I told myself the drive to North Carolina was just an excuse to get out of town
for a few days. To clear my head. To see someplace greener than the flat sprawl
of my usual route between home and the grocery store. But when I turned onto
her street and saw her house—a modest place with a wide front porch and paint
that had seen a few summers—I knew better. I wasn’t there
for the scenery. I had
barely put the car into park when the front door swung open. Kimmy burst out
onto the porch in running shoes and a soft yellow sundress, hair pulled back,
cheeks flushed like she’d been watching the window and couldn’t wait any longer.

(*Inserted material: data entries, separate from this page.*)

Lemma eq_charfun (R : realType) (p : nat) (Omega1 Omega2 : finType)
    (P1 : Omega1 -> R) (P2 : Omega2 -> R) (X1 : Omega1 -> 'F_p) (X2 : Omega2 -> 'F_p) :
  (forall a, law P1 X1 a = law P2 X2 a) -> charfun P1 X1 =1 charfun P2 X2.
Proof. by move=> eq_law y; rewrite !charfun_law; under eq_bigr do rewrite eq_law. Qed.

Section ProductSpace.
Variables (R : realType) (T1 T2 : finType) (mu1 : T1 -> R) (mu2 : T2 -> R).

Definition prod_mass (w : T1 * T2) : R := mu1 w.1 * mu2 w.2.

Lemma prob_prod (A : pred T1) (B : pred T2) :
  prob prod_mass (fun w => A w.1 && B w.2) = prob mu1 A * prob mu2 B.
Proof. by rewrite /prob big_distrlr pair_big_dep. Qed.

Hypotheses (mu1_prob : is_prob mu1) (mu2_prob : is_prob mu2).

Lemma is_prob_prod : is_prob prod_mass.
Proof.
split; first by move=> w; apply: mulr_ge0; [apply: mu1_prob.1 | apply: mu2_prob.1].
by have := prob_prod predT predT; rewrite /prob /= => ->; rewrite mu1_prob.2 mu2_prob.2 mulr1.
Qed.

Lemma prob_fst (A : pred T1) : prob prod_mass (fun w => A w.1) = prob mu1 A.
Proof.
have := prob_prod A (fun _ => true); rewrite prob_cst // mulr1 => <-.
by apply: eq_prob => w; rewrite andbT.
Qed.

Lemma prob_snd (B : pred T2) : prob prod_mass (fun w => B w.2) = prob mu2 B.
Proof. by have := prob_prod (fun _ => true) B; rewrite prob_cst // mul1r. Qed.

Lemma law_fst (p : nat) (f : T1 -> 'F_p) a :
  law prod_mass (fun w => f w.1) a = law mu1 f a.
Proof. exact: prob_fst. Qed.

Lemma law_snd (p : nat) (g : T2 -> 'F_p) a :
  law prod_mass (fun w => g w.2) a = law mu2 g a.
Proof. exact: prob_snd. Qed.

Lemma charfun_nonvanishing_fst (p : nat) (f : T1 -> 'F_p) :
  charfun_nonvanishing mu1 f -> charfun_nonvanishing prod_mass (fun w => f w.1).
Proof. by move=> nv_f y; rewrite (eq_charfun (law_fst f)). Qed.

Lemma charfun_nonvanishing_snd (p : nat) (g : T2 -> 'F_p) :
  charfun_nonvanishing mu2 g -> charfun_nonvanishing prod_mass (fun w => g w.2).
Proof. by move=> nv_g y; rewrite (eq_charfun (law_snd g)). Qed.

Lemma indep4_prod (p : nat) (c0 c3 : 'F_p) (f : T1 -> 'F_p) (g : T2 -> 'F_p) :
  indep4 prod_mass (fun _ => c0) (fun w => f w.1) (fun w => g w.2) (fun _ => c3).
Proof.
apply: indep_of_events is_prob_prod _ => A.
rewrite !big_ord_recl big_ord0 mulr1 /fam4 /=.
set i1 : 'I_4 := lift ord0 ord0; set i2 : 'I_4 := lift ord0 (lift ord0 ord0).
set i3 : 'I_4 := lift ord0 (lift ord0 (lift ord0 ord0)).
rewrite !(prob_cst _ is_prob_prod).
rewrite [prob _ (fun w => A i1 _)](prob_fst (fun x => A i1 (f x))).
rewrite [prob _ (fun w => A i2 _)](prob_snd (fun y => A i2 (g y))).
rewrite (@eq_prob _ _ _ _ (fun w => (A ord0 c0 && A i1 (f w.1)) && (A i3 c3 && A i2 (g w.2)))).
  rewrite (prob_prod (fun x => A ord0 c0 && A i1 (f x)) (fun y => A i3 c3 && A i2 (g y))).
  by rewrite !prob_andb_cst !mulrA mulrAC.
by move=> w; rewrite -(big_andE xpredT) !big_ord_recl big_ord0 andbT andbA [X in _ && X]andbC.
Qed.

End ProductSpace.

Lemma sum_fiber_eq0 (T : finType) (V : zmodType) (d : T -> V) (E : pred T)
    (h : T -> T -> T) :
  (forall x, injective (h x)) -> \sum_x d x = 0 ->
  \sum_(w : T * T | E (h w.1 w.2)) d w.1 = 0.
Proof.
move=> h_inj sum_d0.
rewrite -(pair_big_dep xpredT (fun x y => E (h x y)) (fun x _ => d x)) /=.
rewrite (eq_bigr (fun x => \sum_(s | E s) d x)) => [|x _]; last first.
  by rewrite [RHS](reindex_inj (h_inj x)).
by rewrite exchange_big big1 // => s _; rewrite sum_d0.
Qed.

Section Fp.
Variables (R : realType) (p : nat).
Hypothesis p_prime : prime p.

Definition zeta (n : nat) : R[i] :=
  cos (2 * pi * n%:R / p%:R) +i* sin (2 * pi * n%:R / p%:R).

Lemma zcharE (x y : 'F_p) : zchar R x y = zeta (x * y). Proof. by []. Qed.

Let p_gt0 : (0 < p)%N. Proof. exact: prime_gt0. Qed.
Let natr_p_neq0 : (p%:R : R) != 0. Proof. by rewrite pnatr_eq0 -lt0n. Qed.

Lemma zeta0 : zeta 0 = 1.
Proof. by rewrite /zeta mulr0 mul0r cos0 sin0. Qed.

Lemma zetaD m n : zeta (m + n) = zeta m * zeta n.
Proof.
rewrite /zeta natrD mulrDr mulrDl cosD sinD.
by apply/eqP; rewrite eq_complex /=; apply/andP; split; apply/eqP; ring.
Qed.

Lemma zetaDp n : zeta (n + p) = zeta n.
Proof.
rewrite /zeta.
have -> : 2 * pi * (n + p)%:R / p%:R = 2 * pi * n%:R / p%:R + pi *+ 2 :> R.
  by rewrite natrD mulrDr mulrDl mulfK // mulr_natl.
by rewrite cosD2pi sinD2pi.
Qed.

Lemma zeta_modp n : zeta (n %% p) = zeta n.
Proof.
rewrite [in RHS](divn_eq n p) addnC.
by elim: (n %/ p)%N => [|k IHk]; rewrite ?mul0n ?addn0 // mulSn addnCA addnC zetaDp.
Qed.

Lemma zeta_neq1 n : (0 < n < p)%N -> zeta n != 1.
Proof.
case/andP=> n_gt0 n_ltp; apply/negP => /eqP /(congr1 (@complex.Re R)) /=.
pose t : R := pi * n%:R / p%:R.
have -> : 2 * pi * n%:R / p%:R = t *+ 2 by rewrite /t mulr2n; ring.
rewrite cos_mulr2n cos2sin2 => cos2t1.
have sin_t_gt0 : 0 < sin t.
  apply: sin_gt0_pi; rewrite /t !mulr_gt0 ?pi_gt0 ?invr_gt0 ?ltr0n //=.
  by rewrite -mulrA gtr_pMr ?pi_gt0 // ltr_pdivrMr ?ltr0n // mul1r ltr_nat.
have : sin t ^+ 2 = 0 by move: cos2t1; rewrite mulr2n; lra.
by move/eqP; rewrite expf_eq0 /= gt_eqF.
Qed.

Lemma zchar0 (y : 'F_p) : zchar R 0 y = 1.
Proof. by rewrite zcharE mul0n zeta0. Qed.

Lemma zchar1 (y : 'F_p) : zchar R 1 y = zeta y.
Proof. by rewrite zcharE /= modn_small ?mul1n // Fp_cast. Qed.

Lemma zcharDl (x x' y : 'F_p) : zchar R (x + x') y = zchar R x y * zchar R x' y.
Proof.
by rewrite !zcharE /= {3}(Fp_cast p_prime) -zeta_modp modnMml zeta_modp mulnDl zetaD.
Qed.

Lemma zchar1_neq1 (y : 'F_p) : y != 0 -> zchar R 1 y != 1.
Proof.
move=> y_neq0; rewrite zchar1 zeta_neq1 // lt0n.
have := ltn_ord y; rewrite {2}(Fp_cast p_prime) => ->.
by rewrite andbT; apply: contra y_neq0 => /eqP y0; apply/eqP/val_inj.
Qed.

Lemma sum_zchar (y : 'F_p) : \sum_x zchar R x y = if y == 0 then p%:R else 0.
Proof.
have [->|y_neq0] := eqVneq y 0.
  by under eq_bigr do rewrite zcharE muln0 zeta0; rewrite sumr_const card_Fp.
set S := \sum_x _.
have S_fix : S = S * zchar R 1 y.
  rewrite /S big_distrl [LHS](reindex_inj (addIr 1)) /=.
  by apply: eq_bigr => x _; rewrite zcharDl.
have : S * (1 - zchar R 1 y) == 0 by rewrite mulrBr mulr1 -S_fix subrr.
by rewrite mulf_eq0 subr_eq0 [1 == _]eq_sym (negbTE (zchar1_neq1 y_neq0)) orbF => /eqP.
Qed.

Lemma charfun_cst0 (Omega : finType) (P : Omega -> R) (y : 'F_p) :
  is_prob P -> charfun P (fun _ => 0) y = 1.
Proof.
case=> _ sumP1; rewrite /charfun; under eq_bigr do rewrite zchar0 mulr1.
by rewrite -rmorph_sum sumP1.
Qed.

Lemma Fp_oppr1_neq1 : p != 2%N -> (-1 : 'F_p) != 1.
Proof.
apply: contra => /eqP N1_eq1.
have two_eq0 : (2%:R : 'F_p) == 0 by rewrite mulr2n -[X in _ + X]N1_eq1 subrr.
by rewrite -(dvdn_prime2 p_prime) // (dvdn_pcharf (pchar_Fp p_prime)).
Qed.

Definition delta01 (x : 'F_p) : R := (x == 0)%:R - (x == 1)%:R.

Definition mass (e : R) (x : 'F_p) : R := (1 + e * delta01 x) / p%:R.

Let F01 : (0 : 'F_p) != 1. Proof. by rewrite eq_sym oner_neq0. Qed.
From HB Require Import structures.
From mathcomp Require Import all_boot all_order all_algebra.
From mathcomp Require Import all_classical all_reals all_analysis.
From mathcomp Require Import ring lra.
Import Order.TTheory GRing.Theory Num.Theory.
Import numFieldNormedType.Exports.
Local Open Scope ring_scope.
Set Implicit Arguments. Unset Strict Implicit. Unset Printing Implicit Defensive.

(* Write pi for the softmax policy at theta.  When arm a is played with a reward x,
   |x| <= Rmax, the stochastic gradient has coordinates
   x ((b == a) - pi b) + (1 - K pi b) / eta, so its squared norm is at most
   2 Rmax^2 (1 - pi a) plus terms of order K / eta.  Averaging over a ~ pi leaves
   Q = sum_a pi a (1 - pi a), the probability that two independent draws differ.
   As distinct arms have rewards at least Delta apart, Q Delta is at most twice the
   mean absolute deviation sum_a pi a |r a - pi^T r|, and each of its terms is, up
   to (1 - K pi a) / eta, a coordinate of the exact gradient
   pi a (r a - pi^T r) + (1 - K pi a) / eta.  The bound holds at every theta, not
   only at the LB-SGB iterates. *)

Lemma lbsgb_constant_bound (R : realFieldType) (Rmax Delta C G Q k n : R) :
  2 <= n -> 0 < Delta -> Delta <= 2 * Rmax -> 0 <= G -> 0 <= k ->
  16 * Rmax ^+ 3 * n / Delta ^+ 2 <= C -> Q * Delta <= 2 * n * (G + k) ->
  2 * Rmax ^+ 2 * Q + 4 * Rmax * k + 2 * k ^+ 2 <= C * G + 2 * k * (4 * k + C).
Proof.
move=> n2 D0 DR G0 k0 hC hQ.
have R0 : 0 < Rmax by lra.
have C0 : 0 <= C by apply: le_trans hC; rewrite divr_ge0 ?mulr_ge0 ?exprn_ge0 //; lra.
have CD2 : 16 * Rmax ^+ 3 * n <= C * Delta ^+ 2.
  by rewrite -ler_pdivrMr ?exprn_gt0.
(* Delta <= 2 Rmax trades powers of Delta in the denominator for powers of Rmax. *)
have CD : 8 * Rmax ^+ 2 * n <= C * Delta.
  rewrite -(ler_pM2r (_ : 0 < 2 * Rmax)); last lra.
  have : C * Delta * Delta <= C * Delta * (2 * Rmax) by rewrite ler_wpM2l ?mulr_ge0 //; lra.
  lra.
have C4 : 4 * Rmax * n <= C.
  rewrite -(ler_pM2r (_ : 0 < 2 * Rmax)); last lra.
  have : C * Delta <= C * (2 * Rmax) by rewrite ler_wpM2l.
  lra.
have hQR : 2 * Rmax ^+ 2 * Q <= C / 2 * (G + k).
  rewrite -(ler_pM2r D0).
  have : 2 * Rmax ^+ 2 * (Q * Delta) <= 2 * Rmax ^+ 2 * (2 * n * (G + k)).
    by rewrite ler_wpM2l // mulr_ge0 // sqr_ge0.
  have : 8 * Rmax ^+ 2 * n * (G + k) <= C * Delta * (G + k).
    by rewrite ler_wpM2r //; lra.
  lra.
have hRk : 4 * Rmax * k <= C / 2 * k.
  rewrite ler_wpM2r //; have : 8 * Rmax <= 4 * Rmax * n by nra.
  lra.
have : 0 <= C * G by rewrite mulr_ge0.
have : 0 <= C * k by rewrite mulr_ge0.
have : 0 <= k ^+ 2 by rewrite sqr_ge0.
lra.
Qed.

Section ProbabilityVector.
Variables (R : realFieldType) (K : nat) (p : 'I_K -> R).
Hypotheses (p_ge0 : forall a, 0 <= p a) (p_sum1 : \sum_a p a = 1).

Lemma prob_le1 a : p a <= 1.
Proof. by rewrite -p_sum1 (bigD1 a) //= lerDl sumr_ge0. Qed.

Lemma sum_prob_neq a : \sum_(b | b != a) p b = 1 - p a.
Proof. by rewrite -p_sum1 [in RHS](bigD1 a) //= [p a + _]addrC addrK. Qed.

Lemma norm_indicator_subr_le1 a b : `|(b == a)%:R - p b| <= 1.
Proof.
have := prob_le1 b; have := p_ge0 b.
by case: eqP => _ /=; rewrite ler_norml; lra.
Qed.

Lemma sum_norm_indicator_subr a : \sum_b `|(b == a)%:R - p b| = 2 * (1 - p a).
Proof.
rewrite (bigD1 a) //= eqxx ger0_norm ?subr_ge0 ?prob_le1 //.
under eq_bigr => b /negbTE -> do rewrite sub0r normrN ger0_norm //.
by rewrite sum_prob_neq /=; ring.
Qed.

Lemma sum_sqr_indicator_subr_le a :
  \sum_b ((b == a)%:R - p b) ^+ 2 <= 2 * (1 - p a).
Proof.
rewrite -sum_norm_indicator_subr; apply: ler_sum => b _.
have := norm_indicator_subr_le1 a b; have := normr_ge0 ((b == a)%:R - p b).
rewrite -real_normK ?num_real //; nra.
Qed.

She took the steps two at a time and crossed the yard at a jog. I got as far as
opening the car door before she was there, folding herself against me in a hug
that felt less like hello and more like finally. “You came,” she said into my
shoulder. “You asked me to,” I answered. She leaned back just enough to look at
me, her hands resting lightly against my chest. Whatever uncertainty I’d
carried with me across state lines loosened under the way she was looking at
me. I dipped my head; she rose onto her toes. The kiss that met in the middle
felt different from all the ones before it. Not careful. Not hesitant. Just
right. Later, we sat side by side on her porch, glasses sweating on the little
table between us as evening settled in around the trees. “I don’t know exactly
how we’re going to make this work,” she said. “The distance. The calendars. All
of it.” “Me either,” I admitted. “But I know I don’t want to not try just
because it’s complicated.” She nodded slowly. “Good,” she said. “Because I was
going to say the same thing.” When the sky deepened and the first few stars
appeared, I stretched and glanced toward the hallway visible through the screen
door. “So,” I said, aiming for lightness, “which way to the guest room?” She
turned her head, studying me with an expression I was still learning but
already loved—the one she wore when she was about to say something that
mattered. “I was kind of hoping you wouldn’t need it,” she said. “I’d rather
you stayed with me.” There was no coyness in it. No game. Just an open door.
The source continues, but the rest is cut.